CONVERGENCE DRIVES RF ARCHITECTURES One of the reasons why dedicated wireless transceiver modules such as Bluetooth modules or Wi-Fi modules have gained market success is that these wireless communications modules were mostly add-on options rather than standard features. Therefore, solutions that allow manufacturers to configure an otherwise standard chassis simply by plugging in appropriate modules, including the necessary RF and baseband processing, have obvious attractions.
However, as combinations of these wireless communication channels become standard in equipment, the continued use of such dedicated modules becomes questionable. Not only will the aggregate size of the required modules become difficult to accommodate, their combined power consumption will threaten battery life and the increased silicon area will adversely impact product cost.
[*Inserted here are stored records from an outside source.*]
Definition nsmall m (s : seq nat) := count (fun l => B m l <= 3) s.
Definition nlarge m (s : seq nat) := count (fun l => 4 <= B m l) s.
Definition deficit m (s : seq nat) := \sum_(l <- s | B m l <= 3) (3 - B m l).
Definition excess m (s : seq nat) := \sum_(l <- s | 4 <= B m l) (B m l - 4).

Lemma nsmall_add_nlarge m s : nsmall m s + nlarge m s = size s.
Proof.
rewrite -(count_predC (fun l => B m l <= 3) s); congr (_ + _).
by apply: eq_count => l /=; rewrite -ltnNge.
Qed.

Lemma sumB_add_deficit m s :
  sumn (map (B m) s) + deficit m s = 3 * nsmall m s + 4 * nlarge m s + excess m s.
Proof.
elim: s => [|l s IH]; first by rewrite /deficit /excess !big_nil.
rewrite /deficit /excess !big_cons -/(deficit m s) -/(excess m s) /nsmall /nlarge /=.
rewrite -/(nsmall m s) -/(nlarge m s).
by case: (leqP (B m l) 3) => HB; lia.
Qed.

Section Aggregates.
Variable m : nat.
Hypothesis m_gt0 : 0 < m.

Lemma odd_sumn_B s : all (fun l => 0 < l <= m ^ 2) s ->
  odd (sumn (map (B m) s)) = odd (sumn s).
Proof.
elim: s => //= l s IH /andP [l_range /IH {}IH].
by rewrite !oddD IH odd_B.
Qed.

Lemma deficit_le s : all (fun l => 0 < l <= m ^ 2) s -> deficit m s <= 2 * nsmall m s.
Proof.
elim: s => [|l s IH]; first by rewrite /deficit big_nil.
rewrite /= => /andP [l_range /IH {}IH].
rewrite /deficit big_cons -/(deficit m s) /nsmall /= -/(nsmall m s).
have := B_gt0 m_gt0 l_range; by case: (leqP (B m l) 3) => HB; lia.
Qed.

Lemma excess_le s : all (fun l => 0 < l <= m ^ 2) s -> excess m s <= m * nlarge m s.
Proof.
elim: s => [|l s IH]; first by rewrite /excess big_nil.
rewrite /= => /andP [l_range /IH {}IH].
rewrite /excess big_cons -/(excess m s) /nlarge /= -/(nlarge m s).
have := B_le m_gt0 l_range; by case: (leqP 4 (B m l)) => HB; lia.
Qed.

Lemma excess_mul_le s : all (fun l => 0 < l <= m ^ 2) s -> m * excess m s <= sumn s.
Proof.
elim: s => [|l s IH]; first by rewrite /excess big_nil muln0.
rewrite /= => /andP [l_range /IH {}IH].
rewrite /excess big_cons -/(excess m s).
case: ifP => HB4; last lia.
have [_ Hl _] := B_ge4_bound m_gt0 l_range HB4; lia.
Qed.

(* Paths with [B <= 3] contribute at least [L] each, those with [B >= 4] satisfy [B_ge4_bound];
   the squares of the individual excesses add up to at most the square of the total. *)
Lemma order_lower_bound L s : all (fun l => (L <= l) && (0 < l <= m ^ 2)) s ->
  nsmall m s * L + nlarge m s * (4 * m) + 2 * m * excess m s
  <= sumn s + 2 * nlarge m s + 4 * excess m s + excess m s ^ 2.
Proof.
elim: s => [|l s IH]; first by rewrite /nsmall /nlarge /excess big_nil /=; lia.
rewrite /= => /andP [/andP [HLl l_range] /IH {}IH].
rewrite /excess big_cons -/(excess m s) /nsmall /nlarge /= -/(nsmall m s) -/(nlarge m s).
rewrite -!mulnn in IH *.
case: (leqP 4 (B m l)) => HB; last lia.
have [Hl _ _] := B_ge4_bound m_gt0 l_range HB; rewrite -mulnn in Hl; nia.
Qed.

End Aggregates.

Lemma B34_of_balanced m s : deficit m s = 0 -> excess m s = 0 ->
  all (fun l => (B m l == 3) || (B m l == 4)) s.
Proof.
elim: s => [|l s IH] //; rewrite /deficit /excess !big_cons -/(deficit m s) -/(excess m s) /=.
by case: (leqP (B m l) 3) => HB Hd He; rewrite IH ?andbT; lia.
Qed.

Section ZArithmetic.
Local Open Scope Z_scope.

(* [slack n w = (4n-2-w)^2 - (n-w) (4(4n-2-w)-2)]: in order [(4n-2-w)^2], the room left for [w]
   paths once [n-w] paths of order [4(4n-2-w)-2] are placed. *)
Definition slack (n w : Z) : Z := w * (12 * n - 6 - 3 * w) - 6 * n + 4.

Definition block_forest_fits (n L : Z) : Prop :=
  exists w, 2 <= w <= n - 1 /\ w * (L + 2) <= slack n w.

Lemma fits_of_le n L : 8 <= n -> L <= 10 * n - 16 -> block_forest_fits n L.
Proof. by move=> Hn HL; exists 3; rewrite /slack; lia. Qed.

Lemma fits_of_bound n a L : 8 <= n -> 1 <= a <= n - 1 -> 0 <= L ->
  a * L <= a * (12 * n - 2 - 3 * a) - 10 * n + 8 -> block_forest_fits n L.
Proof.
move=> Hn Ha HL HX.
have [Ha1|Ha1] := Z.eq_dec a 1; first by apply: fits_of_le; nia.
have [Hsmall|Hbig] := Z_le_gt_dec (3 * a) (2 * n - 2).
  by exists a; split; [lia | rewrite /slack; nia].
have [[En Ea]|Hne] : n = 8 /\ a = 7 \/ ~ (n = 8 /\ a = 7) by lia.
  by subst; exists 5; rewrite /slack; lia.
(* with [w = a - 1] the claim is [a] times the hypothesis plus [n (4a-10) - 3a^2 - a + 8 >= 0] *)
have HP : 0 <= n * (4 * a - 10) - 3 * a * a - a + 8.
  have [Ha8|Ha8] := Z_le_gt_dec 8 a; first nia.
  have : a = 5 \/ a = 6 \/ a = 7 by lia.
  by case=> [Ea|[Ea|Ea]]; subst; lia.
exists (a - 1); split; first lia.
apply/(Z.mul_le_mono_pos_l _ _ a); first lia.
rewrite /slack; nia.
Qed.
In situations where several communications channels will need to be active at the same time, it will also become increasingly difficult to ensure coexistence because of the number of mutually interfering antennas required—which the industry refers to as the "porcupine problem".
Reducing size, cost, power consumption and antenna interference all point to an architecture in which all or part of the RF and baseband functionality is shared by different RF communication channels.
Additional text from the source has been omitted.